- [Saved entries]:
+---+

Lemma tree_sum_dist_sum m : tree_sum (fun t => (dist_sum t)%:R) m = m%:R * 4 ^+ m / 2.
Proof.
elim/ltn_ind: m => -[_|N IH]; first by rewrite tree_sum0 /dist_sum !big_seq1 mul0r.
rewrite tree_sum_join (@eq_join_sum _ (fun x y =>
    (dist_sum x)%:R * 1 + 1 * (dist_sum y)%:R + 2 * ((depth_sum x)%:R * (ptsize y)%:R
     + (ptsize x)%:R * (ptsize y)%:R + (ptsize x)%:R * (depth_sum y)%:R))); last first.
  by move=> x y; rewrite dist_sum_join !natrD !natrM; ring.
rewrite (@join_sumD (fun x y => (dist_sum x)%:R * 1 + 1 * (dist_sum y)%:R)).
rewrite join_sumZ !join_sumD !join_sum_mul.
rewrite (eq_conv IH (fun a _ => tree_sum_count a)) (eq_conv (fun a _ => tree_sum_count a) IH).
rewrite (eq_conv (fun a _ => tree_sum_depth_sum a) (fun a _ => tree_sum_ptsize a)).
rewrite (eq_conv (fun a _ => tree_sum_ptsize a) (fun a _ => tree_sum_ptsize a)).
rewrite (eq_conv (fun a _ => tree_sum_ptsize a) (fun a _ => tree_sum_depth_sum a)).
rewrite [conv catalan _ _]convC (@convC cbin (fun a => (4 ^+ a - cbin a) / 2)) -!convDl.
rewrite (@eq_conv _ (fun a => a%:R * 4 ^+ a) catalan catalan) => [|a _|//]; last by field.
rewrite (@eq_conv _ (fun a => 4 ^+ a) cbin cbin) => [|a _|//]; last by field.
by rewrite conv_natmul_pow4_catalan conv_pow4_cbin; field.
Qed.

Lemma tree_sum_size_leaves m :
  tree_sum (fun t => (size (leaves t))%:R) m = (cbin m + (m == 0%N)%:R) / 2.
Proof.
elim/ltn_ind: m => -[_|N IH]; first by rewrite tree_sum0 cbin0 /=; field.
rewrite tree_sum_join (@eq_join_sum _ (fun x y => (size (leaves x))%:R * 1
    + 1 * (size (leaves y))%:R + -1 * (1 * (is_leaf y)%:R))); last first.
  by move=> x y; apply: (addIr (is_leaf y)%:R); rewrite -natrD size_leaves_join natrD; ring.
rewrite !join_sumD (join_sumZ (-1)) !join_sum_mul.
rewrite (eq_conv IH (fun a _ => tree_sum_count a)) (eq_conv (fun a _ => tree_sum_count a) IH).
rewrite (eq_conv (fun a _ => tree_sum_count a) (fun a _ => tree_sum_is_leaf a)).
rewrite !(convC catalan) -convZl -!convDl.
rewrite (@eq_conv _ cbin catalan catalan) => [|a _|//]; last by field.
by rewrite conv_cbin_catalan /= addr0.
Qed.

Lemma tree_sum_leaf_depth_sum m :
  tree_sum (fun t => (leaf_depth_sum t)%:R) m = (4 ^+ m - (m == 0%N)%:R) / 4.
Proof.
elim/ltn_ind: m => -[_|N IH].
  by rewrite tree_sum0 /leaf_depth_sum big_seq1 expr0 subrr mul0r.
rewrite tree_sum_join (@eq_join_sum _ (fun x y => (leaf_depth_sum x)%:R * 1
    + (size (leaves x))%:R * 1 + 1 * (leaf_depth_sum y)%:R)); last first.
  by move=> x y; rewrite leaf_depth_sum_join !natrD !mulr1 mul1r.
rewrite !join_sumD !join_sum_mul.
rewrite (eq_conv IH (fun a _ => tree_sum_count a)) (eq_conv (fun a _ => tree_sum_count a) IH).
rewrite (eq_conv (fun a _ => tree_sum_size_leaves a) (fun a _ => tree_sum_count a)).
rewrite (convC catalan) -!convDl.
rewrite (@eq_conv _ (fun a => 2^-1 * 4 ^+ a + 2^-1 * cbin a) catalan catalan) => [|a _|//].
  by rewrite convDl !convZl conv_pow4_catalan conv_cbin_catalan /= subr0; field.
by case: a => [|a]; field.
Qed.

Lemma dfact_ratio k : (dfact k.*2)%:R / (dfact k.*2.-1)%:R = 4 ^+ k / cbin k :> rat.
Proof.
case: k => [|k]; first by rewrite cbin0 !divr1.
have : (dfact k.+1.*2 * dfact k.+1.*2.-1 = 'C(k.+1.*2, k.+1) * (k.+1`! * k.+1`!))%N.
  rewrite (dfact_mulS k.*2.+1) -(@bin_fact k.+1.*2 k.+1) -?addnn ?leq_addr //.
  by rewrite addnK.
have := dfact_gt0 k.+1.*2.-1; have := fact_gt0 k.+1; rewrite dfact_double.
set O := dfact _; set f := k.+1`!; clearbody O f; rewrite -!(ltr0n rat) => f_gt0 O_gt0.
move/(congr1 (fun x => x%:R : rat)); rewrite !natrM natrX -/(cbin k.+1) => e.
have cbinE : cbin k.+1 * f%:R = 2 ^+ k.+1 * O%:R.
  by apply: (mulIf (lt0r_neq0 f_gt0)); rewrite -mulrA -e; ring.
rewrite -[cbin k.+1](mulfK (lt0r_neq0 f_gt0)) cbinE (_ : 4 = 2 * 2) ?exprMn //.
by field; rewrite !lt0r_neq0 ?exprn_gt0.
Qed.

Lemma perm_trees n s : (0 < n)%N -> List.NoDup s ->
  (forall t, List.In t s <-> ptsize t = n) -> perm_eq s (trees n).
Proof.
move=> n_gt0 s_nodup s_mem; apply: uniq_perm; [exact: NoDup_uniq | exact: trees_uniq |].
by move=> t; rewrite mem_trees //; apply/idP/eqP => [/In_mem/s_mem | /s_mem/In_mem].
Qed.

Lemma size_trees m : (size (trees m.+1))%:R = catalan m.
Proof. by rewrite -tree_sum_count /tree_sum -sum1_size natr_sum. Qed.

Lemma sum_wiener_trees m : \sum_(t <- trees m.+2) wiener t = (m.+1 * 4 ^ m)%N.
Proof.
have dist_total : (2 * \sum_(t <- trees m.+2) wiener t)%:R = m.+1%:R * 4 ^+ m.+1 / 2 :> rat.
  rewrite big_distrr /= (eq_bigr _ (fun t _ => wiener_dist_sum t)) natr_sum.
  exact: tree_sum_dist_sum.
apply/eqP; rewrite -(eqr_nat rat) natrM natrX; apply/eqP; apply: (@mulfI _ 2) => //.
by rewrite -natrM dist_total exprS; field.
Qed.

+---+

- [WHAT THE TASK REQUIRES]:
The stretch of entries above that starts with the line containing "rewrite (@eq_conv _ (fun a => 4" and goes on through the line containing "rewrite !join_sumD !join_sum_mul." is to be transcribed exactly, and no other line is to be transcribed.

- [RESPONSE]:
rewrite (@eq_conv _ (fun a => 4 ^+ a) cbin cbin) => [|a _|//]; last by field.
by rewrite conv_natmul_pow4_catalan conv_pow4_cbin; field.
Qed.

Lemma tree_sum_size_leaves m :
  tree_sum (fun t => (size (leaves t))%:R) m = (cbin m + (m == 0%N)%:R) / 2.
Proof.
elim/ltn_ind: m => -[_|N IH]; first by rewrite tree_sum0 cbin0 /=; field.
rewrite tree_sum_join (@eq_join_sum _ (fun x y => (size (leaves x))%:R * 1
    + 1 * (size (leaves y))%:R + -1 * (1 * (is_leaf y)%:R))); last first.
  by move=> x y; apply: (addIr (is_leaf y)%:R); rewrite -natrD size_leaves_join natrD; ring.
rewrite !join_sumD (join_sumZ (-1)) !join_sum_mul.
rewrite (eq_conv IH (fun a _ => tree_sum_count a)) (eq_conv (fun a _ => tree_sum_count a) IH).
rewrite (eq_conv (fun a _ => tree_sum_count a) (fun a _ => tree_sum_is_leaf a)).
rewrite !(convC catalan) -convZl -!convDl.
rewrite (@eq_conv _ cbin catalan catalan) => [|a _|//]; last by field.
by rewrite conv_cbin_catalan /= addr0.
Qed.

Lemma tree_sum_leaf_depth_sum m :
  tree_sum (fun t => (leaf_depth_sum t)%:R) m = (4 ^+ m - (m == 0%N)%:R) / 4.
Proof.
elim/ltn_ind: m => -[_|N IH].
  by rewrite tree_sum0 /leaf_depth_sum big_seq1 expr0 subrr mul0r.
rewrite tree_sum_join (@eq_join_sum _ (fun x y => (leaf_depth_sum x)%:R * 1
    + (size (leaves x))%:R * 1 + 1 * (leaf_depth_sum y)%:R)); last first.
  by move=> x y; rewrite leaf_depth_sum_join !natrD !mulr1 mul1r.
rewrite !join_sumD !join_sum_mul.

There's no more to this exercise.